The problem only occours if at least one DMA transfer is done. If I break my application before it starts the DMA BusMaster transfer, but after setting up the buffer address in the FPGA, there is no leak and the application can be unloaded without problems.

Should the DMA BusMaster transfer allocate any memory in the driver during a transfer and how do I eventually free this memory again before issuing the next transfer?
Are the Scather / Gather lists not free’ed when PutScatterGatherList is called?

Any ideas how to find this leak is appreciated.

Thanks in advance

Best regards.
Brian Rasmussen

Step one is to enable the driver verifier for this driver, this should
help identify if that driver is leaking.

Don Burn
Windows Filesystem and Driver Consulting
Website: http://www.windrvr.com
Blog: http://msmvps.com/blogs/WinDrvr

“xxxxx@amfitech.dk” wrote in message news:xxxxx@ntdev:

> Hi
>
> I have a PCIe DMA BusMaster driver which I got from the Xilinx XAPP1052 application note. It’s an older WDM driver used for DMA transfers to and from an FPGA (Asyncronous / Overlapped mode). I’m only transferring data from the FPGA to the PC. The DMA TX buffer on the PC is allocated by the application and a pointer is sent to the driver.
>
> The problem is this:
> If I do 1000 DMA transfers (each of 2kB), the kernel memory is also increased with 1000kB according to the TaskManager, Performance tab. If my application continues at this rate, Windows XP runs out of system resources within a few minutes.
> If I exit the application before it runs out of system resources, the application still remains in the TaskList.
>
> I belive this is caused by a memory leak in the driver. I have tried with another application using the same driver and it does the same.
>
> I have checked with WinDbg that the driver behaves as expected (as far as I could see from the KdDebug messages) and I was not able to detect any pending IRP’s after the application was closed.
>
> The problem only occours if at least one DMA transfer is done. If I break my application before it starts the DMA BusMaster transfer, but after setting up the buffer address in the FPGA, there is no leak and the application can be unloaded without problems.
>
> Should the DMA BusMaster transfer allocate any memory in the driver during a transfer and how do I eventually free this memory again before issuing the next transfer?
> Are the Scather / Gather lists not free’ed when PutScatterGatherList is called?
>
> Any ideas how to find this leak is appreciated.
>
> Thanks in advance
>
> Best regards.
> Brian Rasmussen

Do you return STATUS_PENDING from your dispatch routines? Make sure to properly call IoMarkIrpPending when appropriate.

Hi guys

I have already tried with Driver Verifier, but the only counters increasing are the global counters for “Syncronized Runs”, “IRQL-raises”, “Spinlocks” and “Trims” (sorry for my translations but my Win XP is in Danish language).
Do you have any hints how to get more info out of Driver Verifier?

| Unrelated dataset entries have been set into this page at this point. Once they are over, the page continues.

(* There is an absolute constant $c>0$ such that the following holds. Let $v_1,\dots,v_n$ be distinct non-negative integers, $s_1,\dots,s_n\in[0,1)$, and $f(x):=\sum_{i=1}^n e^{2\pi\imath s_i}x^{v_i}$. Then for every $t\in\mathbb{R}$, $$B(s_1+v_1t,\dots,s_n+v_nt)\ \le\ c\Big(1+\sum_{k=1}^n\frac{|f^{(k)}|_m}{k}\Big).$$
   Context: For $r\in\mathbb{R}$, $\{r\}:=r-\lfloor r\rfloor$. The bias is $B(r_1,\dots,r_n):=\sup_{0\le a\le b\le1}\big|\,|\{i:\{r_i\}\in[a,b]\}|-n(b-a)\big|$. For a complex polynomial $g(x)=\sum_i a_ix^i$, $|g|_m:=\max_{|x|=1}|g(x)|$ (maximum over the unit circle), and for a positive integer $k$, the Hadamard power is $g^{(k)}(x):=\sum_i a_i^kx^i$. *)

From Stdlib Require Import Reals.
Open Scope R_scope.

Fixpoint rsum (n : nat) (F : nat -> R) : R :=
  match n with
  | O => 0
  | S m => rsum m F + F m
  end.

(* {r} = r - floor r  (Stdlib: frac_part r = r - IZR (Int_part r), Int_part = floor) *)
Definition fracR (r : R) : R := frac_part r.

Fixpoint count_in (n : nat) (r : nat -> R) (a b : R) : nat :=
  match n with
  | O => O
  | S m => (count_in m r a b +
            (if Rle_dec a (fracR (r m)) then
               if Rle_dec (fracR (r m)) b then 1 else 0
             else 0))%nat
  end.

(* The set whose supremum is the bias B(r_0,...,r_{n-1}). *)
Definition bias_set (n : nat) (r : nat -> R) : R -> Prop :=
  fun x => exists a b : R, 0 <= a /\ a <= b /\ b <= 1 /\
    x = Rabs (INR (count_in n r a b) - INR n * (b - a)).

(* Modulus of f^(k)(x) at x = e^{2 pi i theta}, where
   f(x) = sum_{i<n} e^{2 pi i s_i} x^{v_i}, so
   f^(k)(x) = sum_{i<n} e^{2 pi i k s_i} x^{v_i}
   and f^(k)(e^{2 pi i theta}) = sum_i e^{2 pi i (k s_i + v_i theta)}. *)
Definition hadamard_mod (n : nat) (v : nat -> nat) (s : nat -> R) (k : nat)
  (theta : R) : R :=
  sqrt ( (rsum n (fun i => cos (2 * PI * (INR k * s i + INR (v i) * theta)))) ^ 2
       + (rsum n (fun i => sin (2 * PI * (INR k * s i + INR (v i) * theta)))) ^ 2 ).

(* The set of values |f^(k)(x)|, |x| = 1; its supremum (= maximum) is |f^(k)|_m. *)
Definition hadamard_mod_set (n : nat) (v : nat -> nat) (s : nat -> R) (k : nat)
  : R -> Prop :=
  fun y => exists theta : R, y = hadamard_mod n v s k theta.

From Stdlib Require Import Reals Lra Lia Arith ZArith.
From Coquelicot Require Import Coquelicot.
Open Scope R_scope.

(* Put y_i := {s_i + v_i t}.  We round the y_i to the grid (1/L) Z / Z with
   L := 16 (n^2 + 1), writing u_i := floor (L y_i), and study the grid
   discrepancy  Psi m := #{i | u_i < m} - n m / L  for m = 0..L.  The bias is
   at most the oscillation max Psi - min Psi plus rounding errors.

   The oscillation is controlled by the Erdős–Turán argument on Z/LZ:
   - the Fejér kernel F_K, sampled on the grid, has total mass L and is
     concentrated near 0;
   - the discrete Fourier coefficients of Psi are (up to a factor of size
     L/|d|) the exponential sums W d = |sum_i e(u_i d / L)|, so smoothing
     Psi by F_K changes its sum by at most (L/2) sum_{k<=K} W k / k;
   - Psi decreases at rate at most n/L, so a large peak (or pit) of Psi
     persists on a window of width h, and smoothing with the Fejér kernel
     centred at that window detects it; optimizing h gives
     osc Psi <= 2 + 2 sum_{k<=n} W k / k + 70 sqrt n.
   Finally W k differs from |f^(k)(e(kt))| by at most 2 pi k n / L, and
   sqrt n <= |f|_m by Parseval on a fine grid, which absorbs the sqrt n.
   Here e(x) := e^{2 pi i x}. *)

Lemma rsum_ext n f g : (forall i, (i < n)%nat -> f i = g i) -> rsum n f = rsum n g.
Proof.
  induction n; intros H; simpl; auto.
  rewrite IHn by (intros; apply H; lia). rewrite H by lia. auto.
Qed.

Lemma rsum_le n f g : (forall i, (i < n)%nat -> f i <= g i) -> rsum n f <= rsum n g.
Proof.
  induction n; intros H; simpl; [lra|].
  assert (H1 := H n (Nat.lt_succ_diag_r n)).
  assert (rsum n f <= rsum n g) by (apply IHn; intros; apply H; lia). lra.
Qed.

Lemma rsum_plus n f g : rsum n (fun i => f i + g i) = rsum n f + rsum n g.
Proof. induction n; simpl; [lra|]. rewrite IHn. lra. Qed.

Lemma rsum_minus n f g : rsum n (fun i => f i - g i) = rsum n f - rsum n g.
Proof. induction n; simpl; [lra|]. rewrite IHn. lra. Qed.

Lemma rsum_scal n c f : c * rsum n f = rsum n (fun i => c * f i).
Proof. induction n; simpl; [lra|]. rewrite <- IHn. lra. Qed.

Lemma rsum_const n c : rsum n (fun _ => c) = INR n * c.
Proof. induction n; simpl rsum; [simpl; lra|]. rewrite IHn, S_INR. lra. Qed.

Lemma rsum_abs n f : Rabs (rsum n f) <= rsum n (fun i => Rabs (f i)).
Proof.
  induction n; simpl; [rewrite Rabs_R0; lra|].
  eapply Rle_trans; [apply Rabs_triang | lra].
Qed.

I have also verified that I return STATUS_PENDING from the Control routine when I issue af IOCTL_DMA_START and from the Dispatch routine (at IRP_MJ_WRITE). I do call the IoMarkIrpPending in the Dispatch routine too.

BR
Brian

Have your application issue a single write request only. Set a breakpoint in the write dispatch routine. Issue !thread command to note the current thread object. After the request is completed, issue

!thread

command with the argument equal to the thread where the request was issued. See if it shows any pending IRP in the list.

Hi Alex

I managed to get the breakpoint set in the Dispatch routine at MJ_IRP_WRITE. First time I issue “!thread” there is only one IRP in the list:

IRP List:
89f88f00: (0006,0100) Flags: 40000a00 Mdl: 88c87a58

The DMA transmission is first started when I do a call to StartDMA in the driver Control routine. The !thread output there shows two IRP’s:

IRP List:
89f1ef00: (0006,0100) Flags: 40000030 Mdl: 00000000
89f88f00: (0006,0100) Flags: 40000a00 Mdl: 88c87a58

DMA transmission is then done and in the DpcForIsr routine there is no IRP list in the !thread output.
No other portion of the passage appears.